魔法少女リリカルなのは -LightDark-

第13話「光」

 

 

それは、平凡な小学三年生だったはずの私、高町なのはに訪れた小さな事件。

信じたのは勇気の心。手にしたのは魔法の力。

 

気持ちを分かり合える友達。

かけがえのない絆。

数々の思い出。

 

たくさんの出会いと別れがあったから、今の私がある。

その思いを心にしまって、私は前に進んでいく。

 

だから、さよならは言わない。

きっと会えると信じているから・・・

 

魔法少女リリカルなのは -LightDark-、始まります。

 

 

 アルフとの戦闘で負傷したカッツェの前には、異様な光景が広がっていた。ジャンヌの時間凍結により、フェイト、ライム、アルフ、ラークが固まり、立ち尽くしたまま動けなくなっていた。

「やったね、ジャンヌ。これでみんな一緒だね。」

「うん。これからはなのはと私と一緒・・みんな一緒・・・」

 笑顔を振りまくカッツェに、ジャンヌが微笑みかける。時間凍結を受けて動かなくなった魔導師たちを見渡して、彼女は一途の喜びを浮かべていた。

「さて、とりあえずなのはのところに戻ろう。みんなを一緒に連れて行こう。」

 カッツェの言葉にジャンヌは頷き、空間転移のためのイメージを練り上げる。だがそのとき、ジャンヌが笑みを消して顔を強張らせる。

「どうしたの、ジャンヌ?」

「・・・なのはが・・なのはが・・・!?

 その様子に眉をひそめるカッツェに、ジャンヌがはじめて当惑をあらわにする。

 そのとき、部屋の天井が爆発し、2人が驚きを見せながら見上げる。破片が落下してくる天井から、1つの人影が飛び出してきた。

「あれは!?

 その正体にカッツェが驚愕する。2人の前に現れたのは、バリアジャケットを身にまとい、デバイスモードのレイジングハートを手にしたなのはだった。

「な、なのは・・・!?

「そんな!?なのははジャンヌの魔法で時間を止められているはずなのに・・!?

 なのはの登場にジャンヌが動揺し、カッツェも驚きの声を上げる。ジャンヌの時間凍結を受けていたなのはが、2人の前に立ちはだかったのだ。

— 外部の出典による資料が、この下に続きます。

(* Suppose some a in G has order k = 2^e >= 4. In the theta_a-twisted regular
   representation L of C_G(a), the operator L_a is central and the basis vector
   of 1 satisfies e_1 L_a^k = beta e_1 with beta != 0; as the orbit vectors
   e_1 L_a^j (j < k) are independent, every k-th root of beta is an eigenvalue
   of L_a. An irreducible subrepresentation of the eigenspace is then a simple
   object with that twist, so for a k-th root r of beta all of r, -r, r i, -r i
   are twists. They cannot all lie in {1, i, -i}, hence G has exponent 2, all
   characters of G are real, and every representation is self-dual. *)

Lemma minimal_submx_exists (F : fieldType) n (P : 'M[F]_n -> Prop)
    (U : 'M[F]_n) :
  P U -> \rank U != 0%N ->
  exists2 V : 'M[F]_n, (V <= U)%MS & [/\ P V, \rank V != 0%N &
    forall W : 'M[F]_n, (W <= V)%MS -> P W ->
      \rank W = 0%N \/ \rank W = \rank V].
Proof.
have [k] := ubnP (\rank U); elim: k U => // k IH U ltUk PU nzU.
have [[W sWU [PW nzW neWU]] | noW] := classic (exists2 W : 'M[F]_n,
  (W <= U)%MS & [/\ P W, \rank W != 0%N & \rank W != \rank U]).
  have ltWU : (\rank W < \rank U)%N by rewrite ltn_neqAle neWU mxrankS.
  have [V sVW minV] := IH W (leq_trans ltWU ltUk) PW nzW.
  by exists V => //; apply: submx_trans sVW sWU.
exists U => //; split => // W sWU PW.
have [|nzW] := eqVneq (\rank W) 0%N; first by left.
have [|neWU] := eqVneq (\rank W) (\rank U); first by right.
by case: noW; exists W.
Qed.

Definition orbit_eigvec (F : fieldType) n (A : 'M[F]_n) (u : 'rV[F]_n) nu k :=
  \sum_(j < k) nu ^+ (k - j.+1) *: (u *m A ^+ j).

Lemma orbit_eigvecP (F : fieldType) n (A : 'M[F]_n) (u : 'rV[F]_n) nu k :
  u *m A ^+ k = nu ^+ k *: u ->
  orbit_eigvec A u nu k *m A = nu *: orbit_eigvec A u nu k.
Proof.
move=> uAk; pose f j := nu ^+ (k - j) *: (u *m A ^+ j).
apply/eqP; rewrite -subr_eq0 mulmx_suml scaler_sumr -sumrB.
under eq_bigr => j _ do rewrite -scalemxAl -mulmxA -[_ *m A]/(A ^+ j * A)
  -exprSr scalerA -exprS -subSn // -/(f j.+1) -/(f j).
rewrite -(big_mkord xpredT (fun j => f j.+1 - f j)) telescope_sumr //.
by rewrite /f subnn subn0 !expr0 scale1r mulmx1 uAk subrr.
Qed.

Section ProjectiveSubrepresentation.
Variables (gT : finGroupType) (H : {set gT}) (alpha : gT -> gT -> algC).
Variables (n : nat) (L : gT -> 'M[algC]_n).
Hypothesis L_proj : proj_rep H alpha L.

Definition proj_invariant m (U : 'M[algC]_(m, n)) := {in H, forall x, stablemx U (L x)}.

Lemma restrict_proj_rep (U : 'M[algC]_n) :
  proj_invariant U -> proj_rep H alpha (fun x => restrictmx U (L x)).
Proof.
have [L1 LM] := L_proj; move=> invU; split.
  by rewrite L1 conjmx_scalar ?row_base_free.
move=> x y Hx Hy; rewrite -conjmxM ?inE ?stablemx_row_base ?invU // LM //.
by rewrite /conjmx -scalemxAr -scalemxAl.
Qed.

Lemma restrict_proj_irr (U : 'M[algC]_n) :
  proj_invariant U -> \rank U != 0%N ->
  (forall W : 'M[algC]_n, (W <= U)%MS -> proj_invariant W ->
     \rank W = 0%N \/ \rank W = \rank U) ->
  proj_irr H (fun x => restrictmx U (L x)).
Proof.
move=> invU nzU minU; split; first by rewrite lt0n.
move=> W invW; pose V := <<W *m row_base U>>%MS.
have sVU : (V <= U)%MS by rewrite genmxE -(eq_row_base U) submxMl.
have invV : proj_invariant V.
  move=> x Hx; rewrite genmxE (eqmxMr _ (genmxE _)).
  by rewrite -stablemx_restrict ?invU //; apply: invW.
by have := minU V sVU invV; rewrite genmxE mxrankMfree ?row_base_free.
Qed.

Lemma proj_irr_of_eigenvector a nu (v : 'rV[algC]_n) :
  {in H, forall x, comm_mx (L a) (L x)} ->
  v != 0 -> v *m L a = nu *: v ->
  exists m (rho : gT -> 'M[algC]_m),
    [/\ proj_rep H alpha rho, proj_irr H rho & rho a = nu%:M].
Proof.
move=> La_central nz_v /eigenspaceP v_eig.
pose E := eigenspace (L a) nu.
have invE : proj_invariant E.
  by move=> x Hx; apply: comm_mx_stable_eigenspace; apply: La_central.
have nzE : \rank E != 0%N.
  by rewrite mxrank_eq0; apply: contraNneq nz_v => E0; rewrite -submx0 -E0.
have [U sUE [invU nzU minU]] := minimal_submx_exists invE nzE.
exists (\rank U), (fun x => restrictmx U (L x)); split.
- exact: restrict_proj_rep.
- exact: restrict_proj_irr.
- by rewrite (conjmx_eigenvalue (a := nu)) ?row_base_free ?eq_row_base.
Qed.

End ProjectiveSubrepresentation.

Section TwistedRegularRepresentation.
Variables (gT : finGroupType) (H : {group gT}) (alpha : gT -> gT -> algC).
Hypothesis alpha_x1 : {in H, forall x, alpha x 1%g = 1}.
Hypothesis alpha_neq0 : {in H &, forall x y, alpha x y != 0}.
Hypothesis alpha_cocycle : {in H & &, forall x y z,
  alpha x y * alpha (x * y)%g z = alpha y z * alpha x (y * z)%g}.

Local Notation N := #|H|.

Definition gvec (y : gT) : 'rV[algC]_N := \row_j (enum_val j == y)%:R.

(* Right multiplication by x on the alpha-twisted group algebra of H, in the
   basis (gvec y)_(y in H). *)
Definition twreg (x : gT) : 'M[algC]_N :=
  \matrix_(i, j)
    (if enum_val j == (enum_val i * x)%g then alpha (enum_val i) x else 0).

Lemma gvec_delta y (Hy : y \in H) : gvec y = delta_mx 0 (enum_rank_in Hy y).
Proof.
apply/rowP => j; rewrite !mxE eqxx /= -{1}(enum_rankK_in Hy Hy).
by rewrite (inj_eq enum_val_inj) eq_sym.
Qed.

Lemma gvec_twreg y x : y \in H -> gvec y *m twreg x = alpha y x *: gvec (y * x).
Proof.
move=> Hy; rewrite gvec_delta -rowE; apply/rowP => j; rewrite !mxE enum_rankK_in //.
by case: eqP; rewrite ?mulr1 ?mulr0.
Qed.

Lemma eq_gvec_mx m (M1 M2 : 'M[algC]_(N, m)) :
  {in H, forall y, gvec y *m M1 = gvec y *m M2} -> M1 = M2.
Proof.
move=> eqM; apply/row_matrixP => i; have Hi := enum_valP i.
by rewrite !rowE -(enum_valK_in Hi i) -gvec_delta eqM.
Qed.

Lemma twreg_proj_rep : proj_rep H alpha twreg.
Proof.
split.
  by apply: eq_gvec_mx => y Hy; rewrite gvec_twreg // mulmx1 mulg1 alpha_x1 // scale1r.
move=> x y Hx Hy; apply: eq_gvec_mx => z Hz.
rewrite mulmxA gvec_twreg // -scalemxAl gvec_twreg ?groupM // -scalemxAr.
by rewrite gvec_twreg // !scalerA mulgA alpha_cocycle.
Qed.

Definition cocycle_pow a j := \prod_(i < j) alpha (a ^+ i)%g a.

Lemma gvec1_twreg_expg a j : a \in H ->
  gvec 1 *m twreg a ^+ j = cocycle_pow a j *: gvec (a ^+ j).
Proof.
move=> Ha; elim: j => [|j IH].
  by rewrite expr0 mulmx1 /cocycle_pow big_ord0 scale1r expg0.
rewrite exprSr -[_ * twreg a]/(_ *m _) mulmxA IH -scalemxAl gvec_twreg ?groupX //.
by rewrite scalerA /cocycle_pow big_ord_recr expgSr.
Qed.

Lemma twreg_eigenvector a nu : a \in H -> nu ^+ #[a]%g = cocycle_pow a #[a]%g ->
  exists2 v : 'rV[algC]_N, v != 0 & v *m twreg a = nu *: v.
Proof.
move=> Ha nu_root; set k := #[a]%g in nu_root *.
exists (orbit_eigvec (twreg a) (gvec 1) nu k); last first.
  by apply: orbit_eigvecP; rewrite gvec1_twreg_expg // expg_order -nu_root.
have Hlast : (a ^+ k.-1)%g \in H by rewrite groupX.
have lt_last : (k.-1 < k)%N by rewrite prednK ?order_gt0.
(* Only the term j = k.-1 contributes to the coordinate at a ^+ k.-1. *)
apply/eqP => /rowP /(_ (enum_rank_in Hlast (a ^+ k.-1)%g)) /eqP.
rewrite summxE mxE (bigD1 (Ordinal lt_last)) //= big1 => [|j ne_j]; last first.
  rewrite gvec1_twreg_expg // !mxE enum_rankK_in // eq_expg_mod_order !modn_small //.
  by move: ne_j; rewrite -val_eqE eq_sym /= => /negbTE ->; rewrite !mulr0.
rewrite addr0 gvec1_twreg_expg // !mxE enum_rankK_in // eqxx mulr1 prednK ?order_gt0 // subnn.
by rewrite mul1r; apply/negP/prodf_neq0 => i _; rewrite alpha_neq0 ?groupX.
Qed.

End TwistedRegularRepresentation.

Section Transgression.
Variables (gT : finGroupType) (G : {group gT}) (w : gT -> gT -> gT -> algC).
Hypothesis w_normalized : normalized_3cocycle G w.
Variable a : gT.
Hypothesis Ga : a \in G.

Local Notation theta := (theta_cocycle w a).

Let w_neq0 x y z : x \in G -> y \in G -> z \in G -> w x y z != 0.
Proof. by case: w_normalized => w_neq0 _ _; apply: w_neq0. Qed.

Let w_cocycle x y z t : x \in G -> y \in G -> z \in G -> t \in G ->
  w y z t * w x (y * z)%g t * w x y z = w (x * y)%g z t * w x y (z * t)%g.
Proof. by case: w_normalized => _ w_cocycle _; apply: w_cocycle. Qed.

Let w_unit x y : x \in G -> y \in G ->
  [/\ w 1%g x y = 1, w x 1%g y = 1 & w x y 1%g = 1].
Proof. by case: w_normalized => _ _ w_unit; apply: w_unit. Qed.

Lemma theta_x1 x : x \in G -> theta x 1%g = 1.
Proof.
move=> Gx; have [_ _ w_ax1] := w_unit Ga Gx; have [_ w_x1a w_xa1] := w_unit Gx Ga.
by rewrite /theta_cocycle w_ax1 w_x1a w_xa1 mulr1 divr1.
Qed.

Lemma theta_neq0 x y : x \in G -> y \in G -> theta x y != 0.
Proof. by move=> Gx Gy; rewrite !mulf_neq0 ?invr_eq0 ?w_neq0 ?groupM. Qed.

Lemma theta_aC x : x \in G -> theta a x = theta x a.
Proof.
move=> Gx; rewrite /theta_cocycle mulrAC divff ?w_neq0 // mul1r.
by rewrite -mulrA divff ?w_neq0 // mulr1.
Qed.

Lemma theta_cocycleM u x y :
  u \in ('C_G[a])%g -> x \in ('C_G[a])%g -> y \in ('C_G[a])%g ->
  theta u x * theta (u * x)%g y = theta x y * theta u (x * y)%g.
Proof.
move=> /subcent1P[Gu cau] /subcent1P[Gx cax] /subcent1P[Gy cay].
have P1 := w_cocycle Ga Gu Gx Gy; rewrite cau in P1.
have P2 := w_cocycle Gu Ga Gx Gy; rewrite cax in P2.
have P3 := w_cocycle Gu Gx Ga Gy; rewrite cay in P3.
have P4 := w_cocycle Gu Gx Gy Ga.
set L1 := _ * _ * _ in P1; set R1 := _ * _ in P1.
set L2 := _ * _ * _ in P2; set R2 := _ * _ in P2.
set L3 := _ * _ * _ in P3; set R3 := _ * _ in P3.
set L4 := _ * _ * _ in P4; set R4 := _ * _ in P4.
(* The two sides of the goal differ by the alternating product of P1, ..., P4. *)
have nzK : L4 * R3 * L2 * R1 != 0 by rewrite !mulf_neq0 ?w_neq0 ?groupM.
have eqK : L4 * R3 * L2 * R1 = R4 * L3 * R2 * L1 by rewrite P1 P2 P3 P4.
rewrite /theta_cocycle !mulf_div; apply/eqP.
rewrite eqr_div ?mulf_neq0 ?w_neq0 ?groupM //; apply/eqP.
by apply: (mulIf nzK); rewrite [in RHS]eqK /L1 /R1 /L2 /R2 /L3 /R3 /L4 /R4; ring.
Qed.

「どういうことなの!?どうやってジャンヌの時間凍結を・・!?

 声を荒げるカッツェ。なのはは2人を前にして、胸中で親友たちのことを思う。

(みんなの声が聞こえた・・フェイトちゃん、ライムちゃん、ユーノくん、アルフさん、ひばりちゃん、クロノくん・・・みんなが私を支えてくれた・・)

 なのはがレイジングハートをジャンヌに向ける。

「みんなの気持ちが、私の時間を動かしてくれた!」

 なのはの思いに呼応するように、彼女の前に数発の魔法弾が出現する。

divine shooter.”

「シュート!」

 出現させた魔法弾のうち、なのはは2発をジャンヌに向けて放つ。ジャンヌはこれに対して、空間を歪めての障壁での無力化を図る。

 だが、障壁によって打ち消されると思っていたディバインシューターが、かすかに障壁を貫通してジャンヌの頬をかすめる。その瞬間にジャンヌとカッツェが再び驚愕する。

 周囲を取り巻く空間の壁を貫いて攻撃されたことは今までない。それを破られたことで、ジャンヌはかつてない困惑にさらされた。

spear form.”

 その揺らぎの中、ジャンヌは槍状に変形したデッドリーソウルを構え、なのはに向かって飛びかかる。槍の刀身は彼女の魔力を受けて高周波を発し、振動を伴った高出力の一閃を可能とする。

round shield.”

 ジャンヌの突きに対し、なのはが防御の魔法陣を出現させる。突進力の強いデッドリーソウルの突きだが、なのはの防御魔法を突き崩せない。

 ジャンヌが怯んだところを、停滞していたなのはの魔法弾が発射される。ジャンヌは槍を振りかざして数発を弾き、残りを飛び上がって回避する。だがなのはの魔法弾は誘導式で、飛翔したジャンヌを追跡してきていた。

buster form.”

 ジャンヌは砲撃型に変形したデッドリーソウルを使い、向かってきた魔法弾を衝撃波で打ち消す。だがそこへなのはの魔法の砲撃、ディバインバスターが飛び込んでくる。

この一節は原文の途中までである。